21 October 2021, The Tablet

Benedict looks forward to joining friends in heaven



Benedict looks forward to joining friends in heaven

“His joyousness and profound faith always attracted me,” the former Pope writes to the Abbot of the Cistercian Monastery of Wilhering, from which this detail is taken.
Yuri Turkov / Alamy

In a letter of condolence following the death of one of his closest friends, 94-year-old emeritus Pope Benedict XVI says he looks forward to joining his friends in heaven soon.

“He has now reached the Hereafter where many friends will surely be awaiting him and I very much hope to join them soon,” Benedict writes in a letter dated 2 October and addressed to the Abbot of the Cistercian Monastery of Wilhering in Upper Austria. He is referring to the death of Fr Berhard Winkler OCist.

The monastery has published the entire letter, in which the Pope Emeritus, signing himself Benedikt, writes: “I am deeply saddened by the news you sent me that Prof Dr Gerhard Winkler OCist has gone home. Of all my friends and colleagues, he was the closest. His joyousness and profound faith always attracted me. He has now reached the Hereafter, where many friends are assuredly waiting for him. I hope to join them soon. In the meanwhile, I remain united in prayer with him and with the community of Wilhering.”

Fr Gerhard Winkler OCist (24 April 1931 – 22 September 2021) was an Austrian Roman Catholic Cistercian and church historian. He and Joseph Ratzinger – later to become Pope Benedict XVI – both taught at Regensburg University in 1970s, Ratzinger from 1969-1977 and Winkler from 1974-1983.

One of Winkler`s best-known publications is the ten-volume edition of the collected works of Bernhard von Clairvaux in the Latin-German translation.
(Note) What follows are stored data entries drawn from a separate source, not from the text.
Section Barycentric.
Variables (R : realFieldType) (d : nat) (a : 'I_d.+1 -> pt R d).
Variable lam : 'I_d.+1 -> {mpoly R[d]}.
Hypotheses (hK : nondeg_simplex a) (hlam : barycentric a lam).
Local Notation P := {mpoly R[d]}.
Implicit Types (p q : P) (k l m x y : 'I_d.+1).

Lemma inP1_lam m : inP1 (lam m).
Proof. exact: hlam.1. Qed.

Lemma lam_vertex m k : (lam m).@[a k] = (m == k)%:R.
Proof. exact: hlam.2. Qed.

Lemma dderiv_lam m k l :
  dderiv (edge a k l) (lam m) = ((m == l)%:R - (m == k)%:R)%:MP.
Proof.
rewrite (dderiv_P1 _ (a k) (inP1_lam m)) (meval_eq _ (edge_shift a k l)).
by rewrite !lam_vertex.
Qed.

Lemma bub_vertex x y k : x != y -> (bub lam x y).@[a k] = 0.
Proof.
move=> xy; rewrite /bub !expr2 !mevalB !mevalM !lam_vertex.
by move: (eq_and_neq k xy); case: (x == k); case: (y == k) => //= _; ring.
Qed.

Lemma dderiv_bub_vertex x y k l : x != y ->
  (dderiv (edge a k l) (bub lam x y)).@[a k] =
  ((x == k) && (y == l))%:R - ((x == l) && (y == k))%:R.
Proof.
move=> xy; rewrite /bub dderivB !expr2 !dderivM !dderiv_lam.
rewrite !(mevalB, mevalD, mevalM, mevalC, lam_vertex).
move: (eq_and_neq k xy) (eq_and_neq l xy).
by case: (x == k); case: (y == k); case: (x == l); case: (y == l) => //= _ _; ring.
Qed.

Lemma dderiv_bubbles_vertex (c : 'I_d.+1 -> 'I_d.+1 -> R) k l :
  (dderiv (edge a k l)
     (\sum_(x < d.+1) \sum_(y < d.+1 | (x < y)%N) c x y *: bub lam x y)).@[a k]
  = bubble_slope c k l.
Proof.
rewrite /bubble_slope dderiv_sum meval_sum; apply: eq_bigr => x _.
rewrite dderiv_sum meval_sum; apply: eq_bigr => y xy.
by rewrite dderivZ mevalZ dderiv_bub_vertex // neq_ltn xy.
Qed.

Lemma inZ_eq0_dofs p : inZ lam p -> (forall k, p.@[a k] = 0) ->
  (forall k l, k != l -> (dderiv (edge a k l) p).@[a k] = 0) -> p = 0.
Proof.
move=> [q [c [hq pE]]] p0 dp0.
set S := \sum_(x < d.+1) _ in pE.
have S0 k : S.@[a k] = 0.
  rewrite meval_sum big1 // => x _; rewrite meval_sum big1 // => y xy.
  by rewrite mevalZ bub_vertex ?mulr0 // neq_ltn xy.
have q0 k : q.@[a k] = 0 by have := p0 k; rewrite pE mevalD S0 addr0.
have dq_slope k l : k != l ->
    (dderiv (edge a k l) q).@[a k] + bubble_slope c k l = 0.
  by move=> kl; rewrite -dderiv_bubbles_vertex -mevalD -dderivD -pE dp0.
(* The trapezoidal rule ties the derivatives at both ends of an edge, while
   the bubbles contribute antisymmetrically: both parts must vanish. *)
have slope0 k l : k != l ->
    (dderiv (edge a k l) q).@[a k] = 0 /\ bubble_slope c k l = 0.
  move=> kl; have := dq_slope l k; rewrite eq_sym => /(_ kl).
  rewrite dderiv_edgeC mevalN bubble_slopeC.
  have := dderiv_P2_trapezoid (edge a k l) (a k) hq.
  rewrite !(meval_eq _ (edge_shift a k l)) !q0 subrr mulr0.
  by move: (dq_slope k l kl); lra.
have q_eq0 : q = 0 by apply: (P2_eq0_dofs hK) => // k l /slope0[].
have S_eq0 : S = 0.
  rewrite /S big1 // => x _; rewrite big1 // => y xy.
  by rewrite -bubble_slope_lt // (slope0 x y _).2 ?scale0r // neq_ltn xy.
by rewrite pE q_eq0 S_eq0 addr0.
Qed.

Lemma inZ_eq_dofs p q : inZ lam p -> inZ lam q ->
  (forall k, p.@[a k] = q.@[a k]) ->
  (forall k l, k != l ->
     (dderiv (edge a k l) p).@[a k] = (dderiv (edge a k l) q).@[a k]) -> p = q.
Proof.
move=> pZ qZ pq dpq; apply/eqP; rewrite -subr_eq0; apply/eqP.
apply: inZ_eq0_dofs => [|k|k l kl].
- by rewrite -scaleN1r addrC; apply: inZ_lin.
- by rewrite mevalB pq subrr.
- by rewrite dderivB mevalB dpq ?subrr.
Qed.

Lemma phi_v_inZ i : inZ lam (phi_v lam i).
Proof.
apply: inZD; first by apply/inZ_P2/(leq_trans (inP1_lam i)).
by apply: inZ_sum => j ji; apply: inZ_bub; rewrite eq_sym.
Qed.

Lemma phi_v_vertex i k : (phi_v lam i).@[a k] = (i == k)%:R.
Proof.
rewrite mevalD lam_vertex meval_sum big1 ?addr0 // => j ji.
by rewrite bub_vertex // eq_sym.
Qed.

Lemma dderiv_phi_v_vertex i k l : k != l ->
  (dderiv (edge a k l) (phi_v lam i)).@[a k] = 0.
Proof.
move=> kl; rewrite dderivD dderiv_sum dderiv_lam mevalD mevalC meval_sum.
have bub_slope j : j != i -> (dderiv (edge a k l) (bub lam i j)).@[a k] =
    (i == k)%:R * (j == l)%:R - (i == l)%:R * (j == k)%:R.
  by move=> ji; rewrite dderiv_bub_vertex -?mulnb ?natrM // eq_sym.
rewrite (eq_bigr _ bub_slope).
rewrite sumrB -!mulr_sumr !sum_delta_neq ![_ == i]eq_sym.
move: (eq_and_neq i kl); rewrite ![_ == i]eq_sym.
by case: (i == k); case: (i == l) => //= _; ring.
Qed.

Lemma phi_e_inZ i j : i != j -> inZ lam (phi_e lam i j).
Proof.
move=> ij; apply/inZZ/inZD; last exact: inZ_bub.
by apply/inZ_P2/inP2_mulP1; apply: inP1_lam.
Qed.

Lemma phi_e_vertex i j k : i != j -> (phi_e lam i j).@[a k] = 0.
Proof.
move=> ij; rewrite mevalZ mevalD mevalM !lam_vertex bub_vertex //.
by move: (eq_and_neq k ij); case: (i == k); case: (j == k) => //= _; ring.
Qed.

Lemma dderiv_phi_e_vertex i j k l : i != j -> k != l ->
  (dderiv (edge a k l) (phi_e lam i j)).@[a k] = ((i == k) && (j == l))%:R.
Proof.
move=> ij kl; rewrite dderivZ dderivD dderivM !dderiv_lam mevalZ mevalD.
rewrite dderiv_bub_vertex // !(mevalD, mevalM, mevalC, lam_vertex).
move: (eq_and_neq k ij) (eq_and_neq l ij) (eq_and_neq i kl) (eq_and_neq j kl).
rewrite ![_ == i]eq_sym ![_ == j]eq_sym.
case: (i == k); case: (j == k); case: (i == l); case: (j == l) => //= _ _ _ _.
all: by field.
Qed.

Definition interpolant (f : 'I_d.+1 -> R) (g : 'I_d.+1 -> 'I_d.+1 -> R) : P :=
  \sum_m f m *: phi_v lam m + \sum_m \sum_(n | n != m) g m n *: phi_e lam m n.

Lemma interpolant_inZ f g : inZ lam (interpolant f g).
Proof.
apply: inZD; apply: inZ_sum => m _; first exact/inZZ/phi_v_inZ.
by apply: inZ_sum => n nm; apply/inZZ/phi_e_inZ; rewrite eq_sym.
Qed.

Lemma interpolant_vertex f g k : (interpolant f g).@[a k] = f k.
Proof.
rewrite mevalD !meval_sum [X in _ + X]big1 ?addr0 => [|m _]; last first.
  by rewrite meval_sum big1 // => n nm; rewrite mevalZ phi_e_vertex ?mulr0 // eq_sym.
rewrite (bigD1 k) //= mevalZ phi_v_vertex eqxx mulr1 big1 ?addr0 // => m /negbTE mk.
by rewrite mevalZ phi_v_vertex mk mulr0.
Qed.

Lemma dderiv_interpolant_vertex f g k l : k != l ->
  (dderiv (edge a k l) (interpolant f g)).@[a k] = g k l.
Proof.
move=> kl; rewrite dderivD !dderiv_sum mevalD !meval_sum.
rewrite big1 ?add0r => [|m _]; last by rewrite dderivZ mevalZ dderiv_phi_v_vertex ?mulr0.
under eq_bigr => m _ do rewrite dderiv_sum meval_sum.
have lk : l != k by rewrite eq_sym.
rewrite (bigD1 k) //= (bigD1 l) //= dderivZ mevalZ dderiv_phi_e_vertex //.
rewrite !eqxx mulr1 big1 ?addr0 => [|n /andP [nk /negbTE nl]]; last first.
  by rewrite dderivZ mevalZ dderiv_phi_e_vertex ?nl ?andbF ?mulr0 // eq_sym.
rewrite big1 ?addr0 // => m /negbTE mk; rewrite big1 // => n nm.
by rewrite dderivZ mevalZ dderiv_phi_e_vertex ?mk ?mulr0 // eq_sym.
Qed.

End Barycentric.

Unset Implicit Arguments.
Set Strict Implicit.

Theorem mainTheorem1 (R : realFieldType) (d : nat) (hd : (2 <= d)%N)
    (a : 'I_d.+1 -> pt R d) (lam : 'I_d.+1 -> {mpoly R[d]})
    (hK : nondeg_simplex a) (hlam : barycentric a lam) :
  (* unisolvence: every assignment of values to the functionals in Sigma_K
     is attained by exactly one p in Z_K *)
  (forall (f : 'I_d.+1 -> R) (g : 'I_d.+1 -> 'I_d.+1 -> R),
     exists! p : {mpoly R[d]},
       [/\ inZ lam p,
           forall i, p.@[a i] = f i &
           forall i j, i != j -> (dderiv (edge a i j) p).@[a i] = g i j])
  /\
  (* nodal basis functions *)
  (forall i, inZ lam (phi_v lam i) /\
     (forall k, (phi_v lam i).@[a k] = (i == k)%:R) /\
     (forall k l, k != l -> (dderiv (edge a k l) (phi_v lam i)).@[a k] = 0))
  /\
  (forall i j, i != j -> inZ lam (phi_e lam i j) /\
     (forall k, (phi_e lam i j).@[a k] = 0) /\
     (forall k l, k != l ->
        (dderiv (edge a k l) (phi_e lam i j)).@[a k] = ((i == k) && (j == l))%:R)).
Proof.
split; last split.
- move=> f g; exists (interpolant lam f g); split.
    split; [exact: interpolant_inZ hlam f g | exact: interpolant_vertex hlam f g
           | exact: dderiv_interpolant_vertex hlam f g].
  move=> p [pZ pf pg]; apply: (inZ_eq_dofs hK hlam) => // [|k|k l kl].
  + exact: interpolant_inZ hlam f g.
  + by rewrite interpolant_vertex.
  + by rewrite dderiv_interpolant_vertex ?pg.
- move=> i; split; last split=> [k | k l kl].
  + exact: phi_v_inZ hlam i.
  + exact: phi_v_vertex hlam i k.
  + exact: dderiv_phi_v_vertex hlam i k l kl.
- move=> i j ij; split; last split=> [k | k l kl].
  + exact: phi_e_inZ hlam i j ij.
  + exact: phi_e_vertex hlam i j k ij.
  + exact: dderiv_phi_e_vertex hlam i j k l ij kl.
Qed.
Benedict XVI quotes from it several times in his 2007 encyclica Spe salvi.     

Archbishop Georg Gänswein, who is looking after the emeritus Pope, has meanwhile assured the German Bild Zeitung that Benedict remains “absolutely cheerful”.

The longing to join his friends in heaven which he had expressed in his condolence letter should not be interpreted to mean that the former Pope “no longer wishes to live”, he said.

Gänswein emphasised that the contrary was the case.

The letter was “well meant and comes from the heart”, Gänswein explained. Of course the Pope was quite consciously preparing for death. “The art of dying a good death, Ars morendi, is part of Christian life. Pope Benedict has been practising it for years. But he is absolutely cheerful. Stable in his physical weakness, crystal clear in his head and blessed with his typically Bavarian sense of humour.”